I'm the guy that love's the thrill of the hunt for information. That being said I would like for my hunt to yield the highest possible return on the motivating information gathered.

I want to create a curriculum for myself. That curriculum is what I need help with. Like in most learning structures (i.e. schools, universities, companies) the curriculum should be geared to a sort of completion (degree, certificate). The "completion" I am looking for will remain ever-changing but the result will still be the same - Intuitive understanding of kernel development.

I want to see a discrete list of topics to master that will most decisively get me to my goal. It would be ideal if the topics were arranged in ascending difficulty. Act like you're writing this up for a child.
 
So you're saying I should google my question? This is helpful. I should hit you with some thanks...cursed thanks.

---------- Post added at 12:53 AM ---------- Previous post was at 12:50 AM ----------

Seriously. Some projects that I could get into would really help.
 
By kernel development, do you mean development of an existing kernel (such as the Linux kernel) or creation of a new kernel from scratch? How much programming experience do you have already?
 
Intuitive understanding of kernel development.

you'll only learn "an intuitive understanding" by doing.

I suggest that you get a junk system that you;re happy to spend some time developing a kernel for.

or you look at something like the respberry pi where there are plenty of tutorials available for running code on bare metal, that you'd then use to run other code.
 
Great response. Anyone can say they want to be an expert on something but blindly stabbing forward into Google search after Google search won't get me where I need to be. The starting point is great root. I really appreciate it.

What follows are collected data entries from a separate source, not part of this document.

(* Otherwise [mu := inf s > 0]; with [M = mu + d] and [c = mu / 4],
   [near_max_count] gives [(m + 1) * 3/4 * mu <= 1], against [2 < m * mu]. *)
Lemma pow_coef_vanish_spread u v : (u < v)%N -> 0 < b u -> 0 < b v ->
  forall e, 0 < e -> exists Z, forall z k, (Z <= z)%N -> pow_coef b z k <= e.
Proof.
move=> uv bu bv e e0; apply: contrapT => hne.
have s_ge_e z : e <= s z.
  rewrite leNgt; apply/negP => sz; apply: hne; exists z => z' k zz'.
  exact: le_trans (pow_coef_le_s z' k) (le_trans (s_nonincreasing zz') (ltW sz)).
have hinf : has_inf (range s).
  by split; [exists (s 0%N), 0%N | exists 0 => _ [z _ <-]].
pose mu := inf (range s).
have mu_le_s z : mu <= s z by apply: (ge_inf hinf.2); exists z.
have mu0 : 0 < mu.
  apply: lt_le_trans e0 _; apply: lb_le_inf; first by exists (s 0%N), 0%N.
  by move=> _ [z _ <-].
pose beta := Num.min (b u) (b v).
have beta0 : 0 < beta by rewrite lt_min bu bv.
have [m hm] : exists m : nat, 2 < m%:R * mu.
  exists (Num.Def.archi_bound (2 / mu)).
  rewrite -ltr_pdivrMr //; apply: archi_boundP.
  by rewrite divr_ge0 ?ltW.
pose d := mu * beta ^+ m / 8.
have d0 : 0 < d by rewrite /d !mulr_gt0 ?exprn_gt0.
have [_ [W _ <-] sW] := inf_adherent d0 hinf.
have [_ [k0 _ <-] hk0] := sup_adherent d0 (s_has_sup (W + m)).
have mu4 : 0 <= mu / 4 by rewrite divr_ge0 ?ltW.
have beta_u : beta <= b u by rewrite ge_min lexx.
have beta_v : beta <= b v by rewrite ge_min lexx orbT.
have count := @near_max_count u v W m k0 beta (mu + d) (mu / 4) beta0
  beta_u beta_v mu4.
have : m.+1%:R * (mu + d - mu / 4) <= 1.
  apply: count => //.
  - lra.
  - move=> w k Ww; apply: le_trans (pow_coef_le_s w k) _.
    exact: le_trans (s_nonincreasing Ww) (ltW sW).
  - have := mu_le_s (W + m)%N; rewrite /s /d in hk0 *; lra.
rewrite -natr1; nra.
Qed.
(* Take h = |f|^2 + |g|^2, so that f^N = h * (f^N / h) with N = 4k + 4.  The
   quotient is the composite of the real coordinates of (f, g) with a map
   P(p) / |p|^2 of R^m, where the polynomial P vanishes to order N at 0.  Such a
   quotient P / |p|^(2n), with P vanishing to order d + 2n, is bounded by C |p|^d
   near 0, so it is continuous, and for d > 1 it is differentiable at 0 with zero
   derivative; away from 0 its partial derivatives are again quotients of this
   shape with d lowered by one.  Hence it is C^k on R^m as soon as d > k, and C^k
   functions on M are stable under composition with such maps. *)

Section CkDiff.
Context {R : realType} {m : nat}.

(* Unlike [Ck_on], this asks for Frechet differentiability on all of R^m: the
   chain rule needs it for the outer map. *)
Fixpoint Ck_diff (k : nat) (F : 'rV[R]_m -> R) : Prop :=
  (forall p, {for p, continuous F}) /\
  match k with
  | 0%N => True
  | k'.+1 => (forall p, differentiable F p) /\
             (forall j : 'I_m, Ck_diff k' (fun p => 'D_(evec R j) F p))
  end.

End CkDiff.

Section PolyVanishing.
Context {R : realType} {m : nat}.

(* [poly_vanishing D P]: P is a polynomial in the coordinates of p all of whose
   monomials have degree at least D. *)
Inductive poly_vanishing : nat -> ('rV[R]_m -> R) -> Prop :=
| pv_zero D : poly_vanishing D (fun _ => 0)
| pv_cst c : poly_vanishing 0 (fun _ => c)
| pv_coord j : poly_vanishing 1 (fun p => p 0 j)
| pv_add D P Q : poly_vanishing D P -> poly_vanishing D Q ->
    poly_vanishing D (fun p => P p + Q p)
| pv_mul a b P Q : poly_vanishing a P -> poly_vanishing b Q ->
    poly_vanishing (a + b) (fun p => P p * Q p)
| pv_pred D P : poly_vanishing D.+1 P -> poly_vanishing D P.

Implicit Types (P Q : 'rV[R]_m -> R) (p : 'rV[R]_m).

Lemma poly_vanishing_le D D' P :
  (D' <= D)%N -> poly_vanishing D P -> poly_vanishing D' P.
Proof.
move=> /subnKC <-; elim: (D - D')%N => [|e IH]; first by rewrite addn0.
by rewrite addnS => /pv_pred.
Qed.

Lemma poly_vanishing_coordX (j : 'I_m) n : poly_vanishing n (fun p => p 0 j ^+ n).
Proof.
elim: n => [|n IH]; first by under eq_fun do rewrite expr0; exact: pv_cst.
by under eq_fun do rewrite exprS; exact: pv_mul (pv_coord j) IH.
Qed.

Definition sumsq p := \sum_j p 0 j ^+ 2.

Lemma poly_vanishing_sumsq : poly_vanishing 2 sumsq.
Proof.
rewrite /sumsq; elim: (index_enum _) => [|j s IH].
  by under eq_fun do rewrite big_nil; exact: pv_zero.
under eq_fun do rewrite big_cons.
exact: pv_add (poly_vanishing_coordX j 2) IH.
Qed.

Lemma poly_vanishing_differentiable D P :
  poly_vanishing D P -> forall p, differentiable P p.
Proof.
move=> + p; elim=> {D P} [D|c|j|D P Q _ dP _ dQ|a b P Q _ dP _ dQ|//].
- exact: differentiable_cst.
- exact: differentiable_cst.
- exact: differentiable_coord.
- exact: differentiableD.
- exact: differentiableM.
Qed.

Lemma poly_vanishing_derivable D P :
  poly_vanishing D P -> forall p v, derivable P p v.
Proof.
by move=> hP p v; apply/diff_derivable; exact: poly_vanishing_differentiable hP p.
Qed.

Lemma derive_coord (j : 'I_m) (v p : 'rV[R]_m) :
  'D_v (fun q : 'rV[R]_m => q 0 j) p = v 0 j.
Proof.
have := @derive_mx R _ 1 m id p v (@derivable_id R _ p v).
by rewrite derive_id => /(congr1 (fun M : 'M_(1, m) => M 0 j)); rewrite mxE.
Qed.

Lemma poly_vanishing_derive D P : poly_vanishing D P -> forall v,
  exists2 Q, poly_vanishing D.-1 Q & forall p, 'D_v P p = Q p.
Proof.
move=> + v; elim=> {D P} [D|c|j|D P Q hP [P' hP' eP] hQ [Q' hQ' eQ]
             |a b P Q hP [P' hP' eP] hQ [Q' hQ' eQ]|D P _ [P' hP' eP]].
- by exists (fun _ => 0) => [|p]; [exact: pv_zero|exact: derive_cst].
- by exists (fun _ => 0) => [|p]; [exact: pv_zero|exact: derive_cst].
- by exists (fun _ => v 0 j) => [|p]; [exact: pv_cst|exact: derive_coord].
- exists (fun p => P' p + Q' p) => [|p]; first exact: pv_add.
  by rewrite -[fun p => _ + _]/(P + Q) deriveD -?eP -?eQ //;
    [exact: (poly_vanishing_derivable hP)|exact: (poly_vanishing_derivable hQ)].
- exists (fun p => P p * Q' p + Q p * P' p) => [|p].
    apply: pv_add.
      by apply: poly_vanishing_le (pv_mul hP hQ'); lia.
    by apply: poly_vanishing_le (pv_mul hQ hP'); lia.
  by rewrite -[fun p => _ * _]/(P * Q) deriveM -?eP -?eQ //;
    [exact: (poly_vanishing_derivable hP)|exact: (poly_vanishing_derivable hQ)].
- by exists P' => //; apply: poly_vanishing_le hP'; lia.
Qed.

Lemma normr_coord_le p (j : 'I_m) : `|p 0 j| <= `|p|.
Proof.
rewrite [X in _ <= X]/Num.Def.normr /= mx_normrE.
exact: le_trans (le_bigmax _ _ (0, j)).
Qed.

Lemma poly_vanishing_bound D P : poly_vanishing D P ->
  exists2 C, 0 <= C & forall p, `|p| <= 1 -> `|P p| <= C * `|p| ^+ D.
Proof.
elim=> {D P} [D|c|j|D P Q _ [C1 C10 hP] _ [C2 C20 hQ]
             |a b P Q _ [C1 C10 hP] _ [C2 C20 hQ]|D P _ [C C0 hP]].
- by exists 0 => // p _; rewrite normr0 mul0r.
- by exists `|c| => // p _; rewrite expr0 mulr1.
- by exists 1 => // p _; rewrite expr1 mul1r normr_coord_le.
- exists (C1 + C2) => [|p p1]; first exact: addr_ge0.
  by rewrite mulrDl (le_trans (ler_normD _ _)) // lerD ?hP ?hQ.
- exists (C1 * C2) => [|p p1]; first exact: mulr_ge0.
  by rewrite normrM exprD mulrACA ler_pM ?normr_ge0 ?hP ?hQ.
- exists C => // p p1; rewrite (le_trans (hP p p1)) // exprS.
  by rewrite ler_wpM2l // ler_piMl ?exprn_ge0 ?normr_ge0.
Qed.

Lemma poly_vanishing_eq0 D P : poly_vanishing D.+1 P -> P 0 = 0.
Proof.
case/poly_vanishing_bound=> C _ /(_ 0); rewrite normr0 ler01 expr0n mulr0.
by move=> /(_ isT); rewrite normr_le0 => /eqP.
Qed.

Lemma sumsq_ge0 p : 0 <= sumsq p.
Proof. by apply: sumr_ge0 => j _; exact: sqr_ge0. Qed.

Lemma sqr_norm_le_sumsq p : `|p| ^+ 2 <= sumsq p.
Proof.
rewrite -[X in _ <= X](sqr_sqrtr (sumsq_ge0 p)).
rewrite lerXn2r ?nnegrE ?normr_ge0 ?sqrtr_ge0 //.
rewrite [X in X <= _]/Num.Def.normr /= mx_normrE.
apply: bigmax_le; first exact: sqrtr_ge0.
move=> [i j] _ /=; rewrite (ord1 i) -sqrtr_sqr ler_sqrt; last exact: sumsq_ge0.
rewrite /sumsq (bigD1 j) //= lerDl; apply: sumr_ge0 => l _; exact: sqr_ge0.
Qed.

Lemma sumsq_eq0 p : (sumsq p == 0) = (p == 0).
Proof.
apply/eqP/eqP=> [p0|->]; last by rewrite /sumsq big1 // => j _; rewrite mxE expr0n.
apply/normr0_eq0/eqP; rewrite -[_ == 0]/((0 < 2)%N && _) -expf_eq0 eq_le.
by rewrite exprn_ge0 ?normr_ge0 // andbT -p0 sqr_norm_le_sumsq.
Qed.

Lemma poly_vanishing_cpow (a b : 'I_m) n :
  poly_vanishing n (fun p => complex.Re ((p 0 a +i* p 0 b)%C ^+ n)) /\
  poly_vanishing n (fun p => complex.Im ((p 0 a +i* p 0 b)%C ^+ n)).
Proof.
elim: n => [|n [IHr IHi]].
  by split; under eq_fun do rewrite expr0; [exact: pv_cst|exact: pv_zero].
have cpowS (z : R[i]) : complex.Re (z ^+ n.+1) =
      complex.Re (z ^+ n) * complex.Re z + (-1) * (complex.Im (z ^+ n) * complex.Im z)
    /\ complex.Im (z ^+ n.+1) =
      complex.Re (z ^+ n) * complex.Im z + complex.Im (z ^+ n) * complex.Re z.
  rewrite exprSr; case: (z ^+ n) => ? ?; case: z => ? ? /=; split; ring.
split; under eq_fun do rewrite (cpowS _).1 /= || rewrite (cpowS _).2 /=.
  apply: pv_add; first by apply: poly_vanishing_le (pv_mul IHr (pv_coord a)); lia.
  by apply: poly_vanishing_le (pv_mul (pv_cst (-1)) (pv_mul IHi (pv_coord b))); lia.
apply: poly_vanishing_le (pv_add (pv_mul IHr (pv_coord b)) (pv_mul IHi (pv_coord a))).
by rewrite addn1.
Qed.

Lemma poly_vanishing_Ck_diff k D P : poly_vanishing D P -> Ck_diff k P.
Proof.
elim: k D P => [|k IH] D P hP;
  (split; first by move=> p; apply/differentiable_continuous;
                   exact: poly_vanishing_differentiable hP p) => //.
split=> [|j]; first exact: poly_vanishing_differentiable hP.
have [Q hQ eQ] := poly_vanishing_derive hP (evec R j).
by rewrite (funext eQ); exact: IH hQ.
Qed.

End PolyVanishing.
Arguments pv_cst {R m} c.
Arguments poly_vanishing_differentiable {R m D P} _ p.
Arguments poly_vanishing_derivable {R m D P} _ p v.

Section CkOnOpen.
Context {R : realType} {n : nat} {U : set 'rV[R]_n}.
Hypothesis oU : open U.

Lemma Ck_onS {V : normedModType R} k (f : 'rV[R]_n -> V) :
  Ck_on k.+1 U f -> Ck_on k U f.
Proof.
elim: k f => [|k IH] f [cf [df Df]]; first by split.
by split=> //; split=> // i; exact: IH.
Qed.

Lemma near_eq_open {V : normedModType R} (f g : 'rV[R]_n -> V) y :
  (forall z, U z -> f z = g z) -> U y -> {near y, f =1 g}.
Proof. by move=> efg Uy; apply: filterS (open_nbhs_nbhs (conj oU Uy)). Qed.
Arguments near_eq_open {V f g y}.

Lemma Ck_on_eq {V : normedModType R} k (f g : 'rV[R]_n -> V) :
  (forall y, U y -> f y = g y) -> Ck_on k U f -> Ck_on k U g.
Proof.
elim: k f g => [|k IH] f g efg [cf hf];
  (split=> [y Uy|]; first by apply: cvg_trans (near_eq_cvg (near_eq_open efg Uy)) _;
                             rewrite -(efg y Uy); exact: cf) => //.
case: hf => df Df; split=> [i y Uy|i].
  exact: near_eq_derivable (near_eq_open efg Uy) (df i y Uy).
by apply: IH (Df i) => y Uy; exact/near_eq_derive/(near_eq_open efg Uy).
Qed.

Lemma Ck_on_cst {V : normedModType R} k (c : V) : Ck_on k U (fun _ => c).
Proof.
elim: k c => [|k IH] c; (split=> [y _|]; first exact: cst_continuous) => //.
split=> [i y _|i]; first exact: derivable_cst.
suff -> : (fun y => 'D_(evec R i) (fun=> c) y) = fun=> 0 by exact: IH.
by apply/funext => y; exact: derive_cst.
Qed.

Lemma Ck_on_add {V : normedModType R} k (f g : 'rV[R]_n -> V) :
  Ck_on k U f -> Ck_on k U g -> Ck_on k U (f + g).
Proof.
elim: k f g => [|k IH] f g [cf hf] [cg hg];
  (split=> [y Uy|]; first exact: continuousD (cf y Uy) (cg y Uy)) => //.
case: hf hg => [df Df] [dg Dg]; split=> [i y Uy|i].
  exact: derivableD (df i y Uy) (dg i y Uy).
apply: Ck_on_eq (IH _ _ (Df i) (Dg i)) => y Uy.
by symmetry; apply: deriveD; [exact: df|exact: dg].
Qed.

Lemma Ck_on_mul k (f g : 'rV[R]_n -> R) :
  Ck_on k U f -> Ck_on k U g -> Ck_on k U (f * g).
Proof.
elim: k f g => [|k IH] f g [cf hf] [cg hg];
  (split=> [y Uy|]; first exact: continuousM (cf y Uy) (cg y Uy)) => //.
case: hf hg => [df Df] [dg Dg]; split=> [i y Uy|i].
  exact: derivableM (df i y Uy) (dg i y Uy).
have Ckf : Ck_on k U f by apply: Ck_onS; do 2?split.
have Ckg : Ck_on k U g by apply: Ck_onS; do 2?split.
have CkD : Ck_on k U (f * 'D_(evec R i) g + g * 'D_(evec R i) f).
  by apply: Ck_on_add => //; [exact: IH _ _ Ckf (Dg i)|exact: IH _ _ Ckg (Df i)].
apply: Ck_on_eq CkD => y Uy.
by symmetry; apply: deriveM; [exact: df|exact: dg].
Qed.

Lemma Ck_on_sum k (I : Type) (s : seq I) (F : I -> 'rV[R]_n -> R) :
  (forall j, Ck_on k U (F j)) -> Ck_on k U (\sum_(j <- s) F j).
Proof.
move=> CkF; elim: s => [|j s IH]; first by rewrite big_nil; exact: Ck_on_cst.
by rewrite big_cons; exact: Ck_on_add.
Qed.

End CkOnOpen.

Section ChainRule.
Context {R : realType}.

Lemma derive_line {V W : normedModType R} (f : V -> W) (x v : V) :
  'D_v f x = 'D_1 (fun h : R => f (h *: v + x)) 0.
Proof.
rewrite /derive; set g1 := fun h => h^-1 *: _; set g2 := fun h => h^-1 *: _.
suff -> : g1 = g2 by [].
by rewrite funeqE /g1 /g2 => h /=; rewrite addr0 scale0r add0r [_%:A]mulr1.
Qed.

Lemma derive_comp {U V W : normedModType R} (f : V -> W) (g : U -> V) x v :
  differentiable f (g x) -> derivable g x v ->
  derivable (f \o g) x v /\ 'D_v (f \o g) x = 'd f (g x) ('D_v g x).
Proof.
move=> df dg; pose c h := g (h *: v + x).
have dc : differentiable c 0 by apply/derivable1_diffP; exact/(derivable1P g x v).1.
have c0 : c 0 = g x by rewrite /c scale0r add0r.
have dfc : differentiable (f \o c) 0 by apply: differentiable_comp; rewrite ?c0.
split; first by apply/derivable1P/derivable1_diffP.
rewrite derive_line -[fun h => _]/(f \o c) deriveE // diff_comp ?c0 //=.
by congr ('d f (g x) _); rewrite -deriveE // [RHS]derive_line.
Qed.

I've got an arduino uno and I am going to make an effort to really focus on it. This is going to be a lot of Java basically I'm assuming. I feel like I'm going to have to do some assembly (programming language) at some point if I really want to get my hands dirty.
 
I've got an arduino uno and I am going to make an effort to really focus on it. This is going to be a lot of Java basically I'm assuming.
Eh? You don't program Arduinos in Java...
 
Eh? You don't program Arduinos in Java...

I think I might understand where the google searches are going wrong...


try searching for assembler or low level languages like C and kernel programming.
I suppose that you could write a kernel for an arduino.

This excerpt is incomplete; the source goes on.